With broadly stable prices over the past six months, the German economy faces substantial demand driven drag to growth. Credit growth, production, and incomes weakened considerably during 2001 and 2002, and the labor market has been coming under pressure. House prices have been falling; equity markets have adjusted more than in the other advanced economies (Charts 12a and 12b); and corporate balance sheet adjustments still have some way to go. Furthermore, banks and insurance companies are, by their own admission, undergoing the most challenging period since World War II. Thus the near-term outlook for a recovery in investment remains more clouded than in the other advanced economies. The Phillips curve analysis for Germany suggests that for mild deflation to take hold, the output gap would need to rise 1 to 2 percentage points. At the same time, the unemployment gap would have to increase by 2 percentage points. For persistent deflation, the output and employment gaps would have to increase by 2½ to 3½ percentage points.
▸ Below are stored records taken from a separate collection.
(* Let $n>k\ge 1$ and $N=2^{q}$ for an integer $q\ge 0$, and let $G_1,\dots,G_N$ be simple graphs all on the vertex set $[n]$. Let $H$ be the graph on $[n]$ in which $\{1,\dots,k\}$ is a clique, $\{k+1,\dots,n\}$ is independent, and every vertex of $\{k+1,\dots,n\}$ is adjacent to every vertex of $\{1,\dots,k\}$. Build the classification instance $E$ with features $f_1,\dots,f_{2n},d_0$ as the union of blocks $B_1,\dots,B_{2N}$: for odd $i$, $B_i$ contains one negative example with $d_0=i$ and all $f_j=0$, and for each edge $\{a,b\}$ of $H$ one positive example with $d_0=i$, $f_{n+a}=f_{n+b}=1$ and all other $f_j=0$; for even $i$ with $r=i/2$, $B_i$ contains one positive example with $d_0=i$ and all $f_j=0$, and for each edge $\{a,b\}$ of $G_r$ one negative example with $d_0=i$, $f_a=f_b=1$ and all other $f_j=0$. Let $d=\log_2 N+k+1$. Then $E$ admits a decision tree of depth at most $d$ that classifies it if and only if every $G_j$, $j\in[N]$, has a vertex cover of size at most $k$.
   Context: A classification instance is a finite set of examples (functions from a common feature set to $\mathbb{Z}$), each labeled positive or negative. A decision tree (DT) is a rooted tree whose test nodes $v$ carry a feature $f(v)$ and integer threshold $\lambda(v)$ (examples with $e(f(v))\le\lambda(v)$ go to the left child, others to the right child) and whose leaves are labeled positive or negative; $T$ classifies $E$ if every example reaches a leaf with its own label. Depth = maximum number of test nodes on a root-to-leaf path. *)

From Stdlib Require List.
From mathcomp Require Import all_boot all_order all_algebra.
Set Implicit Arguments. Unset Strict Implicit. Unset Printing Implicit Defensive.
Import Order.TTheory GRing.Theory Num.Theory.
Local Open Scope ring_scope.

(* An example is a function F -> int; a labeled example is (example, label)
   with label true = positive, false = negative. *)
Inductive dtree (F : Type) : Type :=
| DLeaf (b : bool)
| DNode (f : F) (lambda : int) (l r : dtree F).
Arguments DLeaf {F} b.

Fixpoint dt_eval (F : Type) (T : dtree F) (e : F -> int) : bool :=
  match T with
  | DLeaf b => b
  | DNode f lam l r => if e f <= lam then dt_eval l e else dt_eval r e
  end.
The staff’s central projection sees a widening of the output gap on the order of 1 percentage point this year because real GDP growth would remain around ½ percent. However, the unemployment rate would increase relatively modestly.

Accordingly, the probability of mild deflation taking hold over the next year is considerable. Of course, as prices in Germany decline relative to its trading partners, particularly in the euro area, the improvement in its competitiveness will stimulate exports and investment. This may prevent expectations of falling prices from becoming entrenched. However, this mechanism is likely to operate only slowly, and can do little to remedy difficulties in financial intermediation that could develop rapidly in a deflationary environment. Unlike in other economies, the room for policy maneuver is constrained, if not absent altogether. Fiscal policy is set to become restrictive (cutting the cyclically adjusted deficit by ¾ percent of GDP this year)––in support of Germany’s commitments under the Maastricht Treaty. While monetary conditions have tightened given the euro appreciation, monetary policy may not ease significantly because of greater price pressures in Germany’s euro-area partners.